*** Data for review ***

Lemma σ_le_h : σ <= h.
Proof. by apply: ler_from_sqr; rewrite ?σE ?expr2 ?hh; facts; nra. Qed.

Lemma τ_le_h : τ <= h.
Proof. by apply: ler_from_sqr; rewrite ?τE ?expr2 ?hh; facts; nra. Qed.

Lemma σ_le_1s : σ <= 1 + s.
Proof. by apply: ler_from_sqr; rewrite ?σE; facts; nra. Qed.

Lemma τ_le_1u : τ <= 1 + u.
Proof. by apply: ler_from_sqr; rewrite ?τE; facts; nra. Qed.

Lemma σ_ge_half : 2^-1 <= σ.
Proof. by case: (lerP (2^-1) σ) => // lt; facts; nra. Qed.

Lemma τ_ge_half : 2^-1 <= τ.
Proof. by case: (lerP (2^-1) τ) => // lt; facts; nra. Qed.

Lemma σ_mul_1s_ge : 2^-1 + s + s ^+ 2 <= σ * (1 + s).
Proof.
apply: ler_from_sqr; first by facts; nra.
rewrite exprMn σE; facts.
have : 0 <= (1 + 2 * s) * (2^-1 * 2^-1 - s / 2 - 3/2 * s ^+ 2 - s ^+ 3).
  apply: mulr_ge0; first lra.
  have : 0 <= s ^+ 2 * (1 + 2 * s) by nra.
  nra.
nra.
Qed.

Lemma τ_mul_1u_ge : 2^-1 + u + u ^+ 2 <= τ * (1 + u).
Proof.
apply: ler_from_sqr; first by facts; nra.
rewrite exprMn τE; facts.
have : 0 <= (1 + 2 * u) * (2^-1 * 2^-1 - u / 2 - 3/2 * u ^+ 2 - u ^+ 3).
  apply: mulr_ge0; first lra.
  have : 0 <= u ^+ 2 * (1 + 2 * u) by nra.
  nra.
nra.
Qed.

Lemma σ_ge_2h_quad : 2 * h * (2^-1 + s + s ^+ 2) <= σ.
Proof.
apply: ler_from_sqr => //; rewrite !exprMn σE (expr2 h) hh; facts.
have : 0 <= - s * (2 + 5 * s + 4 * s ^+ 2 + 2 * s ^+ 3).
  apply: mulr_ge0; first lra.
  have : 0 <= s ^+ 2 * (1 + 2 * s) by nra.
  nra.
nra.
Qed.

Lemma τ_ge_2h_quad : 2 * h * (2^-1 + u + u ^+ 2) <= τ.
Proof.
apply: ler_from_sqr => //; rewrite !exprMn τE (expr2 h) hh; facts.
have : 0 <= - u * (2 + 5 * u + 4 * u ^+ 2 + 2 * u ^+ 3).
  apply: mulr_ge0; first lra.
  have : 0 <= u ^+ 2 * (1 + 2 * u) by nra.
  nra.
nra.
Qed.
Lemma tcone_0 {K : set vec} {x : vec} : K x -> tcone K x 0.
Proof. by move=> Kx; apply: subset_closure; exists 0, x; rewrite scale0r. Qed.

Lemma nearest_enorm_le {S : set vec} {w D : vec} : S 0 -> nearest S w D ->
  enorm D <= 2 * enorm w.
Proof.
move=> S0 [_ closest]; have := closest 0 S0; rewrite subr0 => wD.
have -> : D = w - (w - D) by rewrite opprB addrC subrK.
by apply: le_trans (enormB _ _) _; lra.
Qed.

Lemma velocity_enorm_le {Omega : set vec} {y i D} : Omega (y i) ->
  nearest (tcone Omega (y i)) (drift y i) D -> enorm D <= 6 * C0 * (1 + maxnorm y).
Proof.
move=> Oy /(nearest_enorm_le (tcone_0 Oy)) /le_trans; apply.
have -> : 6 * C0 * (1 + maxnorm y) = 2 * (3 * C0 * (1 + maxnorm y)) by ring.
by rewrite ler_pM2l // drift_enorm_le.
Qed.

End Drift.

Theorem lemma4p3 (R : realType) (d : nat) (Omega : set 'rV[R]_d)
  (W V : 'rV[R]_d -> R) (lamW lamV C0 : R) :
  closed Omega -> convex_set Omega -> Omega !=set0 ->
  ~ (exists r : R, Omega `<=` eball0 r) ->
  C1 W -> C1 V ->
  lam_convex_on (diffset Omega) lamW W ->
  lam_convex_on Omega lamV V ->
  (forall x, enorm (grad W x) <= C0 * (1 + enorm x)) ->
  (forall x, enorm (grad V x) <= C0 * (1 + enorm x)) ->
  exists2 C : R, 0 < C &
    forall (n k : nat) (x0 : 'I_k -> 'rV[R]_d) (m : 'I_k -> R)
           (x : 'I_k -> R -> 'rV[R]_d),
      (forall i, Omega (x0 i) /\ eball0 n%:R (x0 i)) ->
      (forall i, 0 <= m i) -> \sum_(i < k) m i = 1 ->
      (forall i, loc_abs_cont (x i)) ->
      (forall i t, 0 <= t -> Omega (x i t)) ->
      (forall i, x i 0 = x0 i) ->
      (forall i, {ae lebesgue_measure, forall t : R, 0 <= t ->
         derivable (x i) t 1 /\
         nearest (tcone Omega (x i t))
           (- (\sum_(j < k) m j *: grad W (x i t - x j t)) - grad V (x i t))
           ('D_1 (x i) t)}) ->
      exists r : R -> R, forall t : R, 0 <= t ->
        r t <= (n%:R + 1) * expR (C * t) /\
        supp_emp m (fun i => x i t) `<=` Omega `&` eball0 (r t).
Proof.
move=> _ _ _ _ _ _ _ _ gradW gradV.
have C0_ge0 : 0 <= C0.
  by have := gradV 0; rewrite enorm0 addr0 mulr1; apply: le_trans; exact: enorm_ge0.
have K_ge0 : 0 <= 6 * C0 by rewrite mulr_ge0.
exists (6 * C0 + 1) => [|n k x0 m x x0_in m_ge0 m_sum1 acx x_in x_0 flow].
  by rewrite ltr_wpDl.
(* a point [x0 i0] exists, so [n > 0]: the max over no points would be [0] *)
have [i0 _] : exists i0 : 'I_k, true && (0 < m i0).
  by apply: psumr_neq0P => //; rewrite m_sum1; apply/eqP; rewrite oner_neq0.
have start : 1 + maxnorm (x^~ 0) < n%:R + 1.
  rewrite addrC ltrD2r; apply: maxnorm_lt => [|i]; last by rewrite x_0; case: (x0_in i).
  by apply: le_lt_trans (x0_in i0).2; exact: enorm_ge0.
have /(filter_forall (ae_filter_ringOfSetsType _)) flow_ae := flow.
have gronwall T : 0 <= T -> 1 + maxnorm (x^~ T) < (n%:R + 1) * expR ((6 * C0 + 1) * T).
  move=> T_ge0; apply: (maxnorm_gronwall K_ge0 T_ge0 flow_ae (fun i => acx i T T_ge0) start).
  move=> s s_ge0 _ /contrapT flow_s i; have [dx near] := flow_s i s_ge0; split=> //.
  exact: (velocity_enorm_le (y := x^~ s) C0_ge0 m_ge0 m_sum1 gradW gradV (x_in i s s_ge0) near).
exists (fun t => (n%:R + 1) * expR ((6 * C0 + 1) * t)) => t t_ge0; split => // y [i [_ ->]].
split; first exact: x_in.
apply: le_lt_trans (enorm_le_maxnorm (x^~ t) i) (lt_trans _ (gronwall t t_ge0)).
by rewrite ltrDr.
Qed.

***

-- About this exercise --
Every line with the word "addrC" in it should be copied from the listing above.

-- Exercise solution --
have -> : D = w - (w - D) by rewrite opprB addrC subrK.
  rewrite addrC ltrD2r; apply: maxnorm_lt => [|i]; last by rewrite x_0; case: (x0_in i).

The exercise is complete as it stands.